▸ **Material shown**

Definition domain {X : Banach} (T : operator X) : X -> Prop :=
  fun x => exists xs, T x xs.

Definition bounded_set {X : Banach} (A : X -> Prop) : Prop :=
  exists M, forall x, A x -> vnorm X x <= M.

Definition closure {X : Banach} (A : X -> Prop) : X -> Prop :=
  fun x => forall eps, 0 < eps -> exists y, A y /\ vnorm X (vsub x y) < eps.

Definition convex {X : Banach} (A : X -> Prop) : Prop :=
  forall x y t, A x -> A y -> 0 <= t <= 1 ->
    A (vadd X (vscal X t x) (vscal X (1 - t) y)).

Definition co {X : Banach} (A : X -> Prop) : X -> Prop :=
  fun x => forall C : X -> Prop, convex C -> (forall y, A y -> C y) -> C x.

(* (x,xs) ∈ dom φ_T, i.e. φ_T(x,xs) < +∞, where
   φ_T(x,xs) = sup{<xs-zs, z-x> : (z,zs) ∈ G(T)} + <xs,x>. *)
Definition dom_fitzpatrick {X : Banach} (T : operator X) (x : X) (xs : dual X) : Prop :=
  exists M, forall z zs, T z zs ->
    (xs (vsub z x) - zs (vsub z x)) + xs x <= M.

Definition pi1_dom_fitzpatrick {X : Banach} (T : operator X) : X -> Prop :=
  fun x => exists xs, dom_fitzpatrick T x xs.

Definition set_eq {X : Banach} (A B : X -> Prop) : Prop := forall x, A x <-> B x.

Definition cond_i {X : Banach} (T : operator X) : Prop :=
  forall x, ~ closure (domain T) x ->
    forall M, exists z zs, T z zs /\ M < zs (vsub x z) / vnorm X (vsub x z).

Definition cond_ii {X : Banach} (T : operator X) : Prop :=
  forall x, pi1_dom_fitzpatrick T x -> closure (domain T) x.

Definition cond_iii {X : Banach} (T : operator X) : Prop :=
  set_eq (closure (domain T)) (closure (co (domain T))) /\
  set_eq (closure (domain T)) (closure (pi1_dom_fitzpatrick T)).

Definition cond_iv {X : Banach} (T : operator X) : Prop :=
  convex (closure (domain T)).

From Stdlib Require Import Reals Lra Lia List Classical ClassicalEpsilon
  FunctionalExtensionality PropExtensionality.
From mathcomp Require classical_sets.
Set Bullet Behavior "Strict Subproofs".
Open Scope R_scope.

(* The central object is the set of points x at which the pairing
   <zs, x - z>, (z,zs) in G(T), is bounded above.  It is convex, contains D_T
   (monotonicity plus boundedness of D_T) and lies in pi1 dom phi_T (take
   xs = 0).  This yields (ii) -> (iii) and the contrapositive of
   (ii) -> (i); (iii) -> (ii) and (iii) -> (iv) are immediate, and
   (i) -> (ii) is a direct estimate.

   For (iv) -> (ii) under maximality, a point x in pi1 dom phi_T outside
   the closed convex set cl D_T is strictly separated from it by some w in
   X^*; tilting the Fitzpatrick witness xs to xs + lam w makes (x, xs + lam w)
   monotonically related to G(T), so maximality puts x in D_T.  The
   separation is derived from a Hahn-Banach theorem (proved here by Zorn's
   lemma on dominated linear graphs) applied to the distance to a convex cone. *)

Lemma vadd_0r (X : Banach) (x : X) : vadd X x (vzero X) = x.
Proof. rewrite vadd_comm; apply vadd_0l. Qed.

Lemma vadd_cancel (X : Banach) (a b c : X) : vadd X a b = vadd X a c -> b = c.
Proof.
  intros H.
  assert (E : forall y, y = vadd X (vopp X a) (vadd X a y)).
  { intros y. rewrite vadd_assoc, (vadd_comm X (vopp X a) a), vadd_oppr, vadd_0l.
    reflexivity. }
  rewrite (E b), (E c), H; reflexivity.
Qed.

Lemma vscal_0l (X : Banach) (x : X) : vscal X 0 x = vzero X.
Proof.
  apply (vadd_cancel X (vscal X 0 x)).
  rewrite vadd_0r, <- (vscal_addl X 0 0 x), Rplus_0_l. reflexivity.
Qed.

Lemma vscal_0r (X : Banach) (a : R) : vscal X a (vzero X) = vzero X.
Proof.
  apply (vadd_cancel X (vscal X a (vzero X))).
  rewrite vadd_0r, <- (vscal_addr X a (vzero X) (vzero X)), vadd_0l. reflexivity.
Qed.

▸ **Exercise requirements**
Full transcription, please: every entry, exactly as written.

▸ **Answer to this problem**
Definition domain {X : Banach} (T : operator X) : X -> Prop :=
  fun x => exists xs, T x xs.

Definition bounded_set {X : Banach} (A : X -> Prop) : Prop :=
  exists M, forall x, A x -> vnorm X x <= M.

Definition closure {X : Banach} (A : X -> Prop) : X -> Prop :=
  fun x => forall eps, 0 < eps -> exists y, A y /\ vnorm X (vsub x y) < eps.

Definition convex {X : Banach} (A : X -> Prop) : Prop :=
  forall x y t, A x -> A y -> 0 <= t <= 1 ->
    A (vadd X (vscal X t x) (vscal X (1 - t) y)).

Definition co {X : Banach} (A : X -> Prop) : X -> Prop :=
  fun x => forall C : X -> Prop, convex C -> (forall y, A y -> C y) -> C x.

(* (x,xs) ∈ dom φ_T, i.e. φ_T(x,xs) < +∞, where
   φ_T(x,xs) = sup{<xs-zs, z-x> : (z,zs) ∈ G(T)} + <xs,x>. *)
Definition dom_fitzpatrick {X : Banach} (T : operator X) (x : X) (xs : dual X) : Prop :=
  exists M, forall z zs, T z zs ->
    (xs (vsub z x) - zs (vsub z x)) + xs x <= M.

Definition pi1_dom_fitzpatrick {X : Banach} (T : operator X) : X -> Prop :=
  fun x => exists xs, dom_fitzpatrick T x xs.

Definition set_eq {X : Banach} (A B : X -> Prop) : Prop := forall x, A x <-> B x.

Definition cond_i {X : Banach} (T : operator X) : Prop :=
  forall x, ~ closure (domain T) x ->
    forall M, exists z zs, T z zs /\ M < zs (vsub x z) / vnorm X (vsub x z).

Definition cond_ii {X : Banach} (T : operator X) : Prop :=
  forall x, pi1_dom_fitzpatrick T x -> closure (domain T) x.

Definition cond_iii {X : Banach} (T : operator X) : Prop :=
  set_eq (closure (domain T)) (closure (co (domain T))) /\
  set_eq (closure (domain T)) (closure (pi1_dom_fitzpatrick T)).

Definition cond_iv {X : Banach} (T : operator X) : Prop :=
  convex (closure (domain T)).

From Stdlib Require Import Reals Lra Lia List Classical ClassicalEpsilon
  FunctionalExtensionality PropExtensionality.
From mathcomp Require classical_sets.
Set Bullet Behavior "Strict Subproofs".
Open Scope R_scope.

(* The central object is the set of points x at which the pairing
   <zs, x - z>, (z,zs) in G(T), is bounded above.  It is convex, contains D_T
   (monotonicity plus boundedness of D_T) and lies in pi1 dom phi_T (take
   xs = 0).  This yields (ii) -> (iii) and the contrapositive of
   (ii) -> (i); (iii) -> (ii) and (iii) -> (iv) are immediate, and
   (i) -> (ii) is a direct estimate.

   For (iv) -> (ii) under maximality, a point x in pi1 dom phi_T outside
   the closed convex set cl D_T is strictly separated from it by some w in
   X^*; tilting the Fitzpatrick witness xs to xs + lam w makes (x, xs + lam w)
   monotonically related to G(T), so maximality puts x in D_T.  The
   separation is derived from a Hahn-Banach theorem (proved here by Zorn's
   lemma on dominated linear graphs) applied to the distance to a convex cone. *)

Lemma vadd_0r (X : Banach) (x : X) : vadd X x (vzero X) = x.
Proof. rewrite vadd_comm; apply vadd_0l. Qed.

Lemma vadd_cancel (X : Banach) (a b c : X) : vadd X a b = vadd X a c -> b = c.
Proof.
  intros H.
  assert (E : forall y, y = vadd X (vopp X a) (vadd X a y)).
  { intros y. rewrite vadd_assoc, (vadd_comm X (vopp X a) a), vadd_oppr, vadd_0l.
    reflexivity. }
  rewrite (E b), (E c), H; reflexivity.
Qed.

Lemma vscal_0l (X : Banach) (x : X) : vscal X 0 x = vzero X.
Proof.
  apply (vadd_cancel X (vscal X 0 x)).
  rewrite vadd_0r, <- (vscal_addl X 0 0 x), Rplus_0_l. reflexivity.
Qed.

Lemma vscal_0r (X : Banach) (a : R) : vscal X a (vzero X) = vzero X.
Proof.
  apply (vadd_cancel X (vscal X a (vzero X))).
  rewrite vadd_0r, <- (vscal_addr X a (vzero X) (vzero X)), vadd_0l. reflexivity.
Qed.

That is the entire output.